*TASK PROMPT:* Give again, word for word, every line below from the one that has "(snd u * Cconj" through the one that has "Definition Jnorm (v", both included, and no others.

*LISTED RECORDS:*
↓

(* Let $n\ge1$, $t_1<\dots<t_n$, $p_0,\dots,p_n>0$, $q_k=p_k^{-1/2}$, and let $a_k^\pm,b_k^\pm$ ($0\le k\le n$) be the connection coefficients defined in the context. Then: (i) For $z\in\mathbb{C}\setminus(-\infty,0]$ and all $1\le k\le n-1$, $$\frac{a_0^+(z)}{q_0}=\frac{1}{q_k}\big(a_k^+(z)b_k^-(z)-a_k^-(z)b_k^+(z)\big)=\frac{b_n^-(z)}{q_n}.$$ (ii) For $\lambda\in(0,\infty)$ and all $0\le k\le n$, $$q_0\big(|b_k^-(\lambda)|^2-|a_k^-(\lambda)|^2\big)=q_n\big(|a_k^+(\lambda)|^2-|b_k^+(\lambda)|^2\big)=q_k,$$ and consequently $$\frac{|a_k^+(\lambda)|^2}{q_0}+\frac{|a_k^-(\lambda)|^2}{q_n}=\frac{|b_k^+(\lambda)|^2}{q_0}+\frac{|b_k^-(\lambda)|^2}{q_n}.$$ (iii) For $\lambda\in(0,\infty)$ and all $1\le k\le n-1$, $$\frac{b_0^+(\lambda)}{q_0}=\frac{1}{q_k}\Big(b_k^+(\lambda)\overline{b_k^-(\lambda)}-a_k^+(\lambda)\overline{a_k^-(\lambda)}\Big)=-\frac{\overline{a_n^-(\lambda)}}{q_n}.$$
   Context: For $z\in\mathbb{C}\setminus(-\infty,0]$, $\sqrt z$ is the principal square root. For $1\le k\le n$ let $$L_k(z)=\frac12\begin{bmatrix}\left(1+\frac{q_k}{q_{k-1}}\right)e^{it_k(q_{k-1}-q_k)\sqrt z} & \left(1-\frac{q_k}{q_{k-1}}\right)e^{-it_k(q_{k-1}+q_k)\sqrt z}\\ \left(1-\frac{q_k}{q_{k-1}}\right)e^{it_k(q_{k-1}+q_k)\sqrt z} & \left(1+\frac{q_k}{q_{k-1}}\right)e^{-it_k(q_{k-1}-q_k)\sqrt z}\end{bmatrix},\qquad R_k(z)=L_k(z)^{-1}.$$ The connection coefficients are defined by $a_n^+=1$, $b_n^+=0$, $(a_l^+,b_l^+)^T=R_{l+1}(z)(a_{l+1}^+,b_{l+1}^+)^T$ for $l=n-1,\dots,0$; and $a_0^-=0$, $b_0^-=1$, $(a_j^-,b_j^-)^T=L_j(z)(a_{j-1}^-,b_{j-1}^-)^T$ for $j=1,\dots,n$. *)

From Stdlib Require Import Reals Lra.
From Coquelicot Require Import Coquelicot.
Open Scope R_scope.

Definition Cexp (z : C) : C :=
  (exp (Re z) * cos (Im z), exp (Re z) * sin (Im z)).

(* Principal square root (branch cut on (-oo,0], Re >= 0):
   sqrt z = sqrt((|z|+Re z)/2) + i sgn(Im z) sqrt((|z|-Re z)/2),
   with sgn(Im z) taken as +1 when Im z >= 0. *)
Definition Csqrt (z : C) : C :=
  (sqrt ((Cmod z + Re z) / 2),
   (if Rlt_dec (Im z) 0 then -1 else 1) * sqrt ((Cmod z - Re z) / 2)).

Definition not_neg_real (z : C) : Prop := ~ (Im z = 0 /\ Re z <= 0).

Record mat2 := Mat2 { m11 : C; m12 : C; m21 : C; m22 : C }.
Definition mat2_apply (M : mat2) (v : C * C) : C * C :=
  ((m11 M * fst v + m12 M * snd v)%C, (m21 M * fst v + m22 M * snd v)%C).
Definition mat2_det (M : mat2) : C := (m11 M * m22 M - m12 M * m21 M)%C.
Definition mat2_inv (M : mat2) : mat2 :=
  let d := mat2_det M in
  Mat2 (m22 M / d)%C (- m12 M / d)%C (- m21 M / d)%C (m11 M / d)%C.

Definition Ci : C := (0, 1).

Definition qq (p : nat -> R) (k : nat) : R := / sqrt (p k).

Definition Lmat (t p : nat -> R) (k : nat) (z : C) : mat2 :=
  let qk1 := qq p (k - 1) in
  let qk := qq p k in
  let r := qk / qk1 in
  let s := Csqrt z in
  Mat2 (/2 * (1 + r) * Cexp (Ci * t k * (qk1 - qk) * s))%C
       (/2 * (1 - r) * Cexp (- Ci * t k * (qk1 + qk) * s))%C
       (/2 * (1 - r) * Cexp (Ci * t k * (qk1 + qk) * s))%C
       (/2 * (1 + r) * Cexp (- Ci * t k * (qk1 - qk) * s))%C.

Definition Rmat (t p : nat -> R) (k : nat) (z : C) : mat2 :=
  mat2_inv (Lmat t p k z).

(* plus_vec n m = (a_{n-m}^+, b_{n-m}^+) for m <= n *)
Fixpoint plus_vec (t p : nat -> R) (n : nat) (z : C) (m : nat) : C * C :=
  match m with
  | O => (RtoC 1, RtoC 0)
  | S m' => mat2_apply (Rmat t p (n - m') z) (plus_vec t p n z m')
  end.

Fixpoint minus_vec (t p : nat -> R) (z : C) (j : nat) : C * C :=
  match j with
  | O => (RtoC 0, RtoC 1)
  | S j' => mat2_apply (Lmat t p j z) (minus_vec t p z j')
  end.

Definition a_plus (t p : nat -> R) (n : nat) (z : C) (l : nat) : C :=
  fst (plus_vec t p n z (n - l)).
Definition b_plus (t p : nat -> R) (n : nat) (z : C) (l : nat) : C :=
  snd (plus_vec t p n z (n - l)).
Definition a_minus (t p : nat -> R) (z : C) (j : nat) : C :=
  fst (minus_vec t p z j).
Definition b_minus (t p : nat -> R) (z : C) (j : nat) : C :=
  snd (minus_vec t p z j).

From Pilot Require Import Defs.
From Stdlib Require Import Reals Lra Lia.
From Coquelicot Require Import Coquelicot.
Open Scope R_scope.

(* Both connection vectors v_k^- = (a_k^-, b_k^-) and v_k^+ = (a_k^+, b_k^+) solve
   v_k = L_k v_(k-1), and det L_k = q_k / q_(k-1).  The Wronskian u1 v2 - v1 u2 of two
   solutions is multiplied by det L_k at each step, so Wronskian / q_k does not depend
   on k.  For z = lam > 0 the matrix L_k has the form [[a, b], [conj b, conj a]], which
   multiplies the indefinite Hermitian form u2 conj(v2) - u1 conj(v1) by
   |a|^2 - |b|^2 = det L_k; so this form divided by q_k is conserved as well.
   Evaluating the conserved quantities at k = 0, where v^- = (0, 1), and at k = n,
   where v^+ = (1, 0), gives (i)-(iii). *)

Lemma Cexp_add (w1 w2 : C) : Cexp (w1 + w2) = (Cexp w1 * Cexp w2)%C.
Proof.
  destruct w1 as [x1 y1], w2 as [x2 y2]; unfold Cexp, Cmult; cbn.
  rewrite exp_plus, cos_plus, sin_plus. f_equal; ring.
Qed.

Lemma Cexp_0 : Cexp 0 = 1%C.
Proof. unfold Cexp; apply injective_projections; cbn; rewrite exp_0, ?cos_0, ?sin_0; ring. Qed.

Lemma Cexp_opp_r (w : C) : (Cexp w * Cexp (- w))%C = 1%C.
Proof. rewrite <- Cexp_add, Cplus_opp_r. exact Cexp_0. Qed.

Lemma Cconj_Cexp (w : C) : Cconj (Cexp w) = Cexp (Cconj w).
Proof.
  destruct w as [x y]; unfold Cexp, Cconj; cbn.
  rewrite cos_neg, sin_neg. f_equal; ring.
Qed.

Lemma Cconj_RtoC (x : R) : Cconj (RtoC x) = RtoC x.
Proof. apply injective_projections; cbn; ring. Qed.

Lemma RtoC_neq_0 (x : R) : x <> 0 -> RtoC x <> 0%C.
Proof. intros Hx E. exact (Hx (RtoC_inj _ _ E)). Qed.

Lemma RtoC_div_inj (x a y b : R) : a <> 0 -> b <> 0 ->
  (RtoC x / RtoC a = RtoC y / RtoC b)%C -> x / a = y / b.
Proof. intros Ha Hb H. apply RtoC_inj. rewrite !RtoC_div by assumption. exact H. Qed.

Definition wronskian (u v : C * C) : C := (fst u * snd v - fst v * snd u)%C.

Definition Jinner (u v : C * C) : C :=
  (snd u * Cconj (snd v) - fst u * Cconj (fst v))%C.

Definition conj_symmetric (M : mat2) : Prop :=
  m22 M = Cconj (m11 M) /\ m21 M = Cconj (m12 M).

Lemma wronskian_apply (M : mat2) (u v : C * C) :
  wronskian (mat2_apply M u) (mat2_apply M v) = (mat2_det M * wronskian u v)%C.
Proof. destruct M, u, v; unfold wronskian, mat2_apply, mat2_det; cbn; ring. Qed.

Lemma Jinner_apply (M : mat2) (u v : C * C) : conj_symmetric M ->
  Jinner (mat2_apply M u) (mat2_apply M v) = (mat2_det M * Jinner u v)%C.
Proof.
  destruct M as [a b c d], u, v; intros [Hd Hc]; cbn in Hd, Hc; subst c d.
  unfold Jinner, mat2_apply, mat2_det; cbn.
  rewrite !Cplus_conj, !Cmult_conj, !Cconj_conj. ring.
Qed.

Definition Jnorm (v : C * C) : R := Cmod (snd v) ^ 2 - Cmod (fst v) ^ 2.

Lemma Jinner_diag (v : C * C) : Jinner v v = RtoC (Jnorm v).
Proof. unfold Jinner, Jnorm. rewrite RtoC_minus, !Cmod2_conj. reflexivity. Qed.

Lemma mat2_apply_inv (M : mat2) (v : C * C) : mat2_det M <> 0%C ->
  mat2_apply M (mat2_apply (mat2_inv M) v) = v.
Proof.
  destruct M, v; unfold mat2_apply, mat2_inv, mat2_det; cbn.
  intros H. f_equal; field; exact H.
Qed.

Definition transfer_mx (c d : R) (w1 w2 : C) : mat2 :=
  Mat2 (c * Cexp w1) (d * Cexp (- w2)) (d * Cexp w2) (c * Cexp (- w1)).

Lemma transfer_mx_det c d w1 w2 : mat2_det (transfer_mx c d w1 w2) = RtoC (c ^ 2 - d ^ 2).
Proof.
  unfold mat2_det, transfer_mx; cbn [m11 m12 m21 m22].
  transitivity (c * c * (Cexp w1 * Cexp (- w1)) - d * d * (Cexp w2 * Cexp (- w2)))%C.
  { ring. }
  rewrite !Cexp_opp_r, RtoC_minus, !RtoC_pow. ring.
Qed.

↑

*RESULT:*
  (snd u * Cconj (snd v) - fst u * Cconj (fst v))%C.

Definition conj_symmetric (M : mat2) : Prop :=
  m22 M = Cconj (m11 M) /\ m21 M = Cconj (m12 M).

Lemma wronskian_apply (M : mat2) (u v : C * C) :
  wronskian (mat2_apply M u) (mat2_apply M v) = (mat2_det M * wronskian u v)%C.
Proof. destruct M, u, v; unfold wronskian, mat2_apply, mat2_det; cbn; ring. Qed.

Lemma Jinner_apply (M : mat2) (u v : C * C) : conj_symmetric M ->
  Jinner (mat2_apply M u) (mat2_apply M v) = (mat2_det M * Jinner u v)%C.
Proof.
  destruct M as [a b c d], u, v; intros [Hd Hc]; cbn in Hd, Hc; subst c d.
  unfold Jinner, mat2_apply, mat2_det; cbn.
  rewrite !Cplus_conj, !Cmult_conj, !Cconj_conj. ring.
Qed.

Definition Jnorm (v : C * C) : R := Cmod (snd v) ^ 2 - Cmod (fst v) ^ 2.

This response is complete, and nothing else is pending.